Stored data:
(* Let $d_0,d_1>0$ with $d_0+d_1=1$, and let $C_\alpha>0$, $C_\beta>0$. With $f_{j+i}=f(x_{j+i})$ on a uniform grid $x_{j+i}=x_j+i\Delta x$, define $\beta_0^*,\beta_1^*$ and $\tau_4$ by $$\beta_0^*=\tfrac14(3f_j-4f_{j-1}+f_{j-2})^2+C_\beta(f_{j-2}-2f_{j-1}+f_j)^2,\quad \beta_1^*=\tfrac14(3f_j-4f_{j+1}+f_{j+2})^2+C_\beta(f_j-2f_{j+1}+f_{j+2})^2,$$ $$\tau_4=\bigl|(f_{j+2}-3f_{j+1}+3f_j-f_{j-1})(2f_{j+1}-3f_j+f_{j-1})\bigr|,$$ and the nonlinear weights (with exponent $p=1$ and $\varepsilon=0$) $$\alpha_k=d_k\bigl(1+C_\alpha\,\tau_4/\beta_k^*\bigr),\qquad \omega_k=\frac{\alpha_k}{\alpha_0+\alpha_1},\quad k=0,1.$$ Assume $f$ is $C^6$ near the relevant points. Then $\omega_k-d_k=O(\Delta x^2)$ as $\Delta x\to0^+$ in each of the following situations: (1) $x_j=x^*$ is fixed and $f'(x^* )\ne0$; (2) $f'(x_c)=0$, $f''(x_c)\ne0$, $f'''(x_c)\ne0$ and, for a fixed $\lambda\in(-1,1)$, the grid is placed so that $x_c=x_j+\lambda\Delta x$.
   Context: This is the weight construction of the WENO3-Z$_{ES4}$ scheme (which uses $C_\beta=2.0$, $C_\alpha=1.3$, $p=1$); $d_k$ are the linear weights of the third-order WENO reconstruction, $\beta_k^*$ the local smoothness indicators, $\tau_4$ the global smoothness indicator. The condition $\omega_k-d_k=O(\Delta x^2)$ is the standard sufficient condition for third-order accuracy of the WENO3 reconstruction. A point $x_c$ with $f'(x_c)=0$, $f''(x_c)\ne0$, $f'''(x_c)\ne0$ is a first-order critical point ($CP_1$). *)

From Stdlib Require Import Reals.
From Coquelicot Require Import Coquelicot.
Open Scope R_scope.

Definition fv (f : R -> R) (xj dx : R) (i : Z) : R := f (xj + IZR i * dx).

Definition beta0s (Cb : R) (f : R -> R) (xj dx : R) : R :=
  let fm2 := fv f xj dx (-2) in let fm1 := fv f xj dx (-1) in
  let f0 := fv f xj dx 0 in
  / 4 * (3 * f0 - 4 * fm1 + fm2) ^ 2 + Cb * (fm2 - 2 * fm1 + f0) ^ 2.

Definition beta1s (Cb : R) (f : R -> R) (xj dx : R) : R :=
  let f0 := fv f xj dx 0 in let fp1 := fv f xj dx 1 in
  let fp2 := fv f xj dx 2 in
  / 4 * (3 * f0 - 4 * fp1 + fp2) ^ 2 + Cb * (f0 - 2 * fp1 + fp2) ^ 2.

**EXERCISE INSTRUCTIONS**
Go through the lines above. Select every one that has the string "Require".

**TASK OUTPUT**
From Stdlib Require Import Reals.
From Coquelicot Require Import Coquelicot.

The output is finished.